Question

Among 22 cricket players, there are 3 wicket keepers and 6 bowlers. In how many ways can a team of 11 players be chosen so as to include exactly one wicketkeeper and at least 4 bowlers?

Answer 1

Hint: Since, we have to select at least $ 4 $ bowlers out of $ 6 $ given bowlers. So, we have to make different cases. In case first we will take four bowlers, in second case we take five and in third case we take six and also do the selection of other players according to the bowler chosen in different cases and hence on solving all three cases and finding their sum to have a solution to the given problem.
Formulas used: Formula of combination: $ ^n{C_r} = \dfrac{{n!}}{{r!\left( {n - r} \right)!}} $

Complete step by step solution:
Total number of players = $ 22 $
Number of wicket keepers = $ 3 $
Number of bowlers = $ 6 $
Total number of players required for cricket team = $ 11 $
As, there are $ 22 $ players present out of which $ 3 $ are wicketkeeper, $ 6 $ are bowlers. Therefore, $ 13 $ are neither bowler nor wicketkeeper.
But we require only $ 11 $ out of them having $ 1 $ wicketkeeper, at least $ 4 $ bowlers and rest batsman. So, we apply the concept of combination here to get a solution to this problem.
Since, as we require at least $ 4 $ bowlers. Therefore, different cases will be formed.

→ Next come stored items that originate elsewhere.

Definition marked (x : input n m) (b : 'I_m) : bool := [forall i, sval (x (i, b))].

(* ell_j : the end of the T(j)-path from the special element a *)
Definition ell (x : input n m) (a : cell n m) (j : 'I_m) : option (cell n m) :=
  follow x (Some a) (Tpath m j).

Definition path_ok (x : input n m) (a : cell n m) (j : 'I_m) : bool :=
  if ell x a j is Some l then (l.2 == j) && ~~ sval (x l) else false.

Definition Gset (x : input n m) (a : cell n m) (b : 'I_m) : {set 'I_m} :=
  [set j | (j != b) &&
     (if ell x a j is Some l then bpoint (x l) == Some a else false)].

Definition g (x : input n m) : bool :=
  [exists b : 'I_m, [exists a : 'I_n,
    [&& marked x b,
        [forall b' : 'I_m, marked x b' ==> (b' == b)],
        x (a, b) != trivial_entry,
        [forall i : 'I_n, (i != a) ==> (x (i, b) == trivial_entry)],
        [forall j : 'I_m, (j != b) ==> path_ok x (a, b) j]
      & #|Gset x (a, b) b| == m./2]]].
End Components.

Inductive dtree (I A : Type) :=
  | DLeaf of bool
  | DQuery of I & (A -> dtree I A).
Arguments DLeaf {I A}.
Arguments DQuery {I A}.

Fixpoint dt_eval (I A : Type) (t : dtree I A) (x : I -> A) : bool :=
  match t with
  | DLeaf b => b
  | DQuery c k => dt_eval (k (x c)) x
  end.

Fixpoint dt_cost (I A : Type) (t : dtree I A) (x : I -> A) : nat :=
  match t with
  | DLeaf _ => 0
  | DQuery c k => (dt_cost (k (x c)) x).+1
  end.

Local Open Scope ring_scope.

(* randomized decision tree: a (finitely supported) probability distribution
   over deterministic decision trees *)
Record rdtree (R : realType) (I A : Type) := RDTree {
  rdt_supp : seq (R * dtree I A);
  rdt_nonneg : forall p, List.In p rdt_supp -> 0 <= p.1;
  rdt_sum1 : \sum_(p <- rdt_supp) p.1 = 1 }.

Definition zero_error (R : realType) (I : finType) (A : finType)
  (D : rdtree R I A) (f : {ffun I -> A} -> bool) : Prop :=
  forall p, List.In p (rdt_supp D) -> 0 < p.1 ->
    forall x : {ffun I -> A}, dt_eval p.2 x = f x.

Definition expected_cost (R : realType) (I : finType) (A : finType)
  (D : rdtree R I A) (x : {ffun I -> A}) : R :=
  \sum_(p <- rdt_supp D) p.1 * (dt_cost p.2 x)%:R.

From HB Require Import structures.
From mathcomp Require Import all_boot all_order all_algebra.
From mathcomp Require Import reals zify.
Import Order.TTheory GRing.Theory Num.Theory.
Set Implicit Arguments. Unset Strict Implicit. Unset Printing Implicit Defensive.

(* Yao's principle with the uniform distribution on the inputs having exactly
   one zero cell in each column and all other cells (1, _|_, _|_, _|_); g is 0 on
   all of them.  If a correct deterministic tree, on such an input, misses the
   zero a of some column j after fewer than m (n/8) queries, then unqueried
   cells remain in at least m/2 other columns and at least 4m cells off column
   j; with them one builds an input that agrees on every queried cell, has a as
   special element, realizes T with spare cells as internal nodes, and points
   m/2 leaves back to a, so g = 1 there: a contradiction.  Hence either every
   zero is found or the cost is at least m n/8.  Finding the zero of column j
   costs about n/8 queries in that column on average over its row, because up
   to that moment the tree runs as on the input where column j has no zero.
   Summing over the columns gives an average cost of at least n m/64. *)

Lemma leaf_paths_neq0 t : leaf_paths t != [::].
Proof. by elim: t => [|l IHl r _] //=; case: (leaf_paths l) IHl. Qed.

Lemma uniq_leaf_paths t : uniq (leaf_paths t).
Proof.
elim: t => [|l IHl r IHr] //=.
rewrite cat_uniq !map_inj_uniq ?IHl ?IHr //=; try by move=> ? ? [].
rewrite andbT; apply/hasPn => _ /mapP [q _ ->]; by apply/mapP => [[]].
Qed.

Lemma leaf_paths_prefix_free t p q : p \in leaf_paths t -> q \in leaf_paths t ->
  take (size q) p = q -> q = p.
Proof.
elim: t p q => [|l IHl r IHr] p q /=; first by rewrite !inE => /eqP -> /eqP ->.
rewrite !mem_cat => /orP [] /mapP [p' Hp' ->] /orP [] /mapP [q' Hq' ->] //= [].
- by move/(IHl _ _ Hp' Hq') ->.
- by move/(IHr _ _ Hp' Hq') ->.
Qed.

Lemma leaf_path_gt0 t p : 1 < size (leaf_paths t) -> p \in leaf_paths t ->
  0 < size p.
Proof. by case: t => //= l r _; rewrite mem_cat => /orP [] /mapP [q _ ->]. Qed.

Lemma complete_tree_paths k :
  size (leaf_paths (complete_tree k)) = 2 ^ k /\
  all (fun p => size p == k) (leaf_paths (complete_tree k)).
Proof.
elim: k => [|k [Hsize Hall]] //=.
rewrite size_cat !size_map Hsize expnS mul2n addnn all_cat !all_map.
by split=> //; apply/andP; split; apply: sub_all Hall.
Qed.

Lemma size_split_left r t :
  size (leaf_paths (split_left r t).1) = size (leaf_paths t) + minn r (size (leaf_paths t))
  /\ (split_left r t).2 = r - minn r (size (leaf_paths t)).
Proof.
elim: t r => [|l IHl rt IHr] r /=; first by case: r => [|r] /=; split => //; lia.
move: (IHl r); case: (split_left r l) => l' r1 /= [Hl' Hr1].
move: (IHr r1); case: (split_left r1 rt) => rt' r2 /= [Hrt' Hr2].
rewrite !size_cat !size_map Hl' Hrt' Hr2 Hr1; split; lia.
Qed.

Lemma split_left_depth r t h :
  all (fun p => size p <= h) (leaf_paths t) ->
  all (fun p => size p <= h.+1) (leaf_paths (split_left r t).1).
Proof.
elim: t r h => [|l IHl rt IHr] r h /=; first by case: r.
case: h => [|h]; rewrite all_cat !all_map => /andP [Hl Hrt].
  by move: Hl (leaf_paths_neq0 l); case: (leaf_paths l).
move: (IHl r h Hl); case: (split_left r l) => l' r1 /= Hl'.
move: (IHr r1 h Hrt); case: (split_left r1 rt) => rt' r2 /= Hrt'.
by rewrite all_cat !all_map Hl' Hrt'.
Qed.

Lemma size_Ttree m : 0 < m -> size (leaf_paths (Ttree m)) = m.
Proof.
move=> m_gt0; rewrite /Ttree.
have := trunc_logP (isT : 1 < 2) m_gt0; have := trunc_log_ltn m (isT : 1 < 2).
set k := trunc_log 2 m; rewrite expnS => Hlt Hle.
have [-> _] := size_split_left (m - 2 ^ k) (complete_tree k).
have [-> _] := complete_tree_paths k; lia.
Qed.

Lemma Ttree_depth m p : 0 < m -> p \in leaf_paths (Ttree m) -> 2 ^ size p <= 2 * m.
Proof.
move=> m_gt0; rewrite /Ttree; have := trunc_logP (isT : 1 < 2) m_gt0.
set k := trunc_log 2 m => Hk Hp.
have [_ Hall] := complete_tree_paths k.
have Hdepth : all (fun q => size q <= k) (leaf_paths (complete_tree k)).
  by apply: sub_all Hall => q /eqP ->.
have /allP /(_ p Hp) Hsize := split_left_depth (m - 2 ^ k) Hdepth.
by rewrite -(leq_pmul2l (isT : 0 < 2)) in Hk; apply: leq_trans Hk; rewrite -expnS leq_exp2l.
Qed.

Definition heap_index (u : seq bool) : nat := foldl (fun k (b : bool) => k.*2 + b) 1 u.

Lemma heap_index_nil : heap_index [::] = 1.
Proof. by []. Qed.

Lemma heap_index_rcons u b : heap_index (rcons u b) = (heap_index u).*2 + b.
Proof. by rewrite /heap_index foldl_rcons. Qed.

Lemma heap_index_gt0 u : 0 < heap_index u.
Proof. by elim/last_ind: u => [|u b IH] //; rewrite heap_index_rcons; lia. Qed.

Lemma heap_index_lt u : heap_index u < 2 ^ (size u).+1.
Proof.
elim/last_ind: u => [|u b IH] //.
by rewrite heap_index_rcons size_rcons expnS; case: b => /=; lia.
Qed.

Lemma heap_index_inj : injective heap_index.
Proof.
elim/last_ind => [|u b IH] v; case/lastP: v => [|v b'] //;
  rewrite ?heap_index_nil ?heap_index_rcons.
- by have := heap_index_gt0 v; case: b' => /=; lia.
- by have := heap_index_gt0 u; case: b => /=; lia.
move=> E; have Eb : b = b' by case: b b' E => [] [] //=; lia.
by subst b'; rewrite (IH v) //; case: b E => /=; lia.
Qed.

Fixpoint queries (I A : Type) (t : dtree I A) (x : I -> A) : seq I :=
  if t is DQuery c k then c :: queries (k (x c)) x else [::].

Lemma dt_cost_queries I A (t : dtree I A) x : dt_cost t x = size (queries t x).
Proof. by elim: t => [b|c k IH] //=; rewrite IH. Qed.

Lemma eq_dt_eval_queries (I : eqType) A (t : dtree I A) (x y : I -> A) :
  {in queries t x, y =1 x} -> dt_eval t y = dt_eval t x.
Proof.
elim: t => [b|c k IH] //= Hxy.
by rewrite Hxy ?mem_head //; apply: IH => d Hd; rewrite Hxy // inE Hd orbT.
Qed.

Lemma queries_until_diff (I : eqType) A (t : dtree I A) (x y : I -> A) (c : I) :
  (forall d, d != c -> x d = y d) ->
  let qx := queries t x in let qy := queries t y in
  take (index c qx) qx = take (index c qy) qy /\ (c \in qx) = (c \in qy).
Proof.
move=> Hxy; elim: t => [b|d k IH] //=.
have [->|Hdc] := eqVneq d c; first by rewrite !mem_head.
rewrite (Hxy d Hdc) !inE eq_sym (negbTE Hdc) /=.
by have [-> ->] := IH (y d).
Qed.

Lemma index_filter (T : eqType) (p : pred T) (c : T) (s : seq T) :
  p c -> index c (filter p s) = count p (take (index c s) s).
Proof.
move=> pc; elim: s => [|d s IH] //=.
have [->|Hdc] := eqVneq d c; first by rewrite pc /= eqxx.
by rewrite /=; case: (p d); rewrite /= ?(negbTE Hdc) IH.
Qed.

Lemma follow_rcons n m (x : input n m) c u b :
  follow x c (rcons u b) =
  if follow x c u is Some d then (if b then rpoint (x d) else lpoint (x d)) else None.
Proof. by elim: u c => [|b' u IH] [d|] //=; case: b. Qed.

Section HardInputs.
Variables n m : nat.

Definition zero_entry : Sigma n m := (false, None, None, None).

Definition zero_pattern (zo : {ffun 'I_m -> option 'I_n}) : input n m :=
  [ffun c : cell n m => if zo c.2 == Some c.1 then zero_entry else trivial_entry n m].

Definition hard_input (z : {ffun 'I_m -> 'I_n}) : input n m :=
  zero_pattern [ffun j => Some (z j)].

Lemma hard_inputE z (c : cell n m) :
  hard_input z c = if z c.2 == c.1 then zero_entry else trivial_entry n m.
Proof. by rewrite !ffunE. Qed.

Lemma g_hard_input z : g (hard_input z) = false.
Proof.
apply/negbTE/existsPn => b; apply/existsPn => a; apply/negP => /andP [/forallP].
by move/(_ (z b)); rewrite hard_inputE eqxx.
Qed.

End HardInputs.

Section FoolingInput.
Variables (n m : nat) (t : dtree (cell n m) (Sigma n m)).
Variables (z : {ffun 'I_m -> 'I_n}) (j : 'I_m).
Hypotheses (n_ge8 : 8 <= n) (m_ge8 : 8 <= m).

Let x := hard_input z.
Let Q := queries t x.
Let a : cell n m := (z j, j).
Hypothesis a_unqueried : a \notin Q.
Hypothesis few_queries : size Q < m * (n %/ 8).

Let open_cols := [set j' : 'I_m | (j' != j) && [exists i, (i, j') \notin Q]].
Let back_cols := take m./2 (enum open_cols).
Let open_row (j' : 'I_m) : 'I_n := odflt (z j') [pick i | (i, j') \notin Q].
Let leaf_cell (j' : 'I_m) : cell n m :=
  if j' \in back_cols then (open_row j', j') else (z j', j').
Let leaf_cells := [set leaf_cell j' | j' : 'I_m].
Let spare_pool := [set c : cell n m | [&& c.2 != j, c \notin Q & c \notin leaf_cells]].
Let spare := take (4 * m) (enum spare_pool).
Let leaf_codes := map heap_index (leaf_paths (Ttree m)).

(* The node of T with heap index M is realized by the cell [node_cell M]: the
   leaf of column j' by [leaf_cell j'], an internal node by the M-th spare cell. *)
Let node_cell (M : nat) : cell n m :=
  if M \in leaf_codes then
    (if insub (index M leaf_codes) is Some j' then leaf_cell j' else a)
  else nth a spare M.

Let fooling : input n m := [ffun c : cell n m =>
  if c == a then (true, Some (node_cell 2), Some (node_cell 3), None)
  else if c \in spare then
    (false, Some (node_cell (index c spare).*2), Some (node_cell (index c spare).*2.+1), None)
  else if (c.2 \in back_cols) && (c == leaf_cell c.2) then (false, None, None, Some a)
  else x c].

Let few_queries_times8 : size Q * 8 < m * n.
Proof.
apply: leq_trans (_ : m * (n %/ 8) * 8 <= _); first by rewrite ltn_mul2r.
by rewrite -mulnA leq_mul2l leq_divM orbT.
Qed.

Let card_setQ : #|[set c | c \in Q]| <= size Q.
Proof. by rewrite cardsE card_size. Qed.

Lemma open_cols_card : m./2 <= #|open_cols|.
Proof.
set full := [set j' : 'I_m | [forall i, (i, j') \in Q]].
have full_Q : #|full| * n <= size Q.
  have : setX [set: 'I_n] full \subset [set c | c \in Q].
    by apply/subsetP => c; rewrite !inE /= => /forallP /(_ c.1); rewrite -surjective_pairing.
  move/subset_leq_card/leq_trans/(_ (card_setQ)).
  by rewrite cardsX cardsT card_ord mulnC.
have : [set~ j] :\: full \subset open_cols.
  by apply/subsetP => j'; rewrite !inE negb_forall => /andP [-> ->].
move/subset_leq_card; rewrite cardsD cardsC1 card_ord.
have := subset_leq_card (subsetIr [set~ j] full).
have : #|full| * n * 8 < m * n.
  by apply: leq_ltn_trans few_queries_times8; rewrite leq_mul2r full_Q orbT.
nia.
Qed.

Lemma spare_pool_card : 4 * m <= #|spare_pool|.
Proof.
set off_col := [set c : cell n m | c.2 != j].
have : off_col :\: [set c | c \in Q] :\: leaf_cells \subset spare_pool.
  by apply/subsetP => c; rewrite !inE => /and3P [-> -> ->].
move/subset_leq_card; rewrite !cardsD.
have -> : #|off_col| = n * m - n.
  have -> : off_col = setX [set: 'I_n] [set~ j] by apply/setP => c; rewrite !inE.
  by rewrite cardsX cardsT cardsC1 !card_ord -subn1 mulnBr muln1.
have HL := leq_trans (subset_leq_card (subsetIr (off_col :\: [set c | c \in Q]) leaf_cells))
  (leq_imset_card leaf_cell 'I_m).
have HQ := leq_trans (subset_leq_card (subsetIr off_col [set c | c \in Q])) card_setQ.
rewrite card_ord in HL.
have Hn : 8 * m <= n * m by rewrite leq_mul2r n_ge8 orbT.
have Hm : n * 8 <= n * m by rewrite leq_mul2l m_ge8 orbT.
move: few_queries_times8 HL HQ Hn Hm; rewrite [m * n]mulnC; move: (n * m) => P.
lia.
Qed.

Lemma size_back_cols : size back_cols = m./2.
Proof. by rewrite size_take -cardE; have := open_cols_card; case: ltnP; lia. Qed.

Which are as follows:
Case (i)
In this case we choose $ 4\,\,bowlers,\,1\,wicketkeeper\,\,and\,\,6\,\,batsman $ out of $ 6\,\,bowlers,\,\,3\,\,wicketkeepers\,\,and\,\,13\,\,batsman $ . This can be done as:

 $\Rightarrow {^6}{C_4}{ \times ^3}{C_1}{ \times ^{13}}{C_6} $
\[
   = \dfrac{{6!}}{{4!2!}} \times \dfrac{{3!}}{{2!1!}} \times \dfrac{{13!}}{{6!7!}} \\
   = \dfrac{{6 \times 5 \times 4!}}{{4! \times 2 \times 1}} \times \dfrac{{3 \times 2!}}{{2!}} \times \dfrac{{13 \times 12 \times 11 \times 10 \times 9 \times 8 \times 7!}}{{6 \times 5 \times 4 \times 3 \times 2 \times 1 \times 7!}} \\
   = 15 \times 3 \times 1716 \\
   = 77220 \\
 \]

Case (ii) .
In this case we choose $ 5\,\,bowlers,\,1\,wicketkeeper\,\,and\,\,5\,\,batsman $ out of $ 6\,\,bowlers,\,\,3\,\,wicketkeepers\,\,and\,\,13\,\,batsman $ . This can be done as:
 $\Rightarrow {^6}{C_5}{ \times ^3}{C_1}{ \times ^{13}}{C_5} $
 $
   = \dfrac{{6!}}{{5!1!}} \times \dfrac{{3!}}{{1! \times 2!}} \times \dfrac{{13!}}{{5!8!}} \\
   = \dfrac{{6 \times 5!}}{{5!}} \times \dfrac{{3 \times 2!}}{{2!}} \times \dfrac{{13 \times 12 \times 11 \times 10 \times 9 \times 8!}}{{8! \times 5 \times 4 \times 3 \times 2 \times 1}} \\
   = 6 \times 3 \times 1287 \\
   = 23166 \\
  $
Case (iii)
In this case we choose $ 6\,\,bowlers,\,1\,wicketkeeper\,\,and\,\,4\,\,batsman $ out of $ 6\,\,bowlers,\,\,3\,\,wicketkeepers\,\,and\,\,13\,\,batsman $ . This can be done as:
 $\Rightarrow {^6}{C_6}{ \times ^3}{C_1}{ \times ^{13}}{C_4} $
 $
   = \dfrac{{6!}}{{6!0!}} \times \dfrac{{3!}}{{2!1!}} \times \dfrac{{13!}}{{4!9!}} \\
   = 1 \times \dfrac{{3 \times 2!}}{{2!}} \times \dfrac{{13 \times 12 \times 11 \times 10 \times 9!}}{{4 \times 3 \times 2 \times 1 \times 9!}} \\
   = 1 \times 3 \times 715 \\
   = 2145 \;
  $
Hence, from above we that total ways of selecting a wicketkeeper and at least four bowlers from given twenty two players are = $ 77220 + 23166 + 2145 $
 $ = 102531\,\,ways $

Note: If there are more players available but less required. So, we apply the concept of combination instead for permutation. Also, if there is a word at least and at most in problem. Then we have to make different cases as per given condition and then finding their sum after solving different cases formed as per or at least or at most gives out the required solution of the given problem.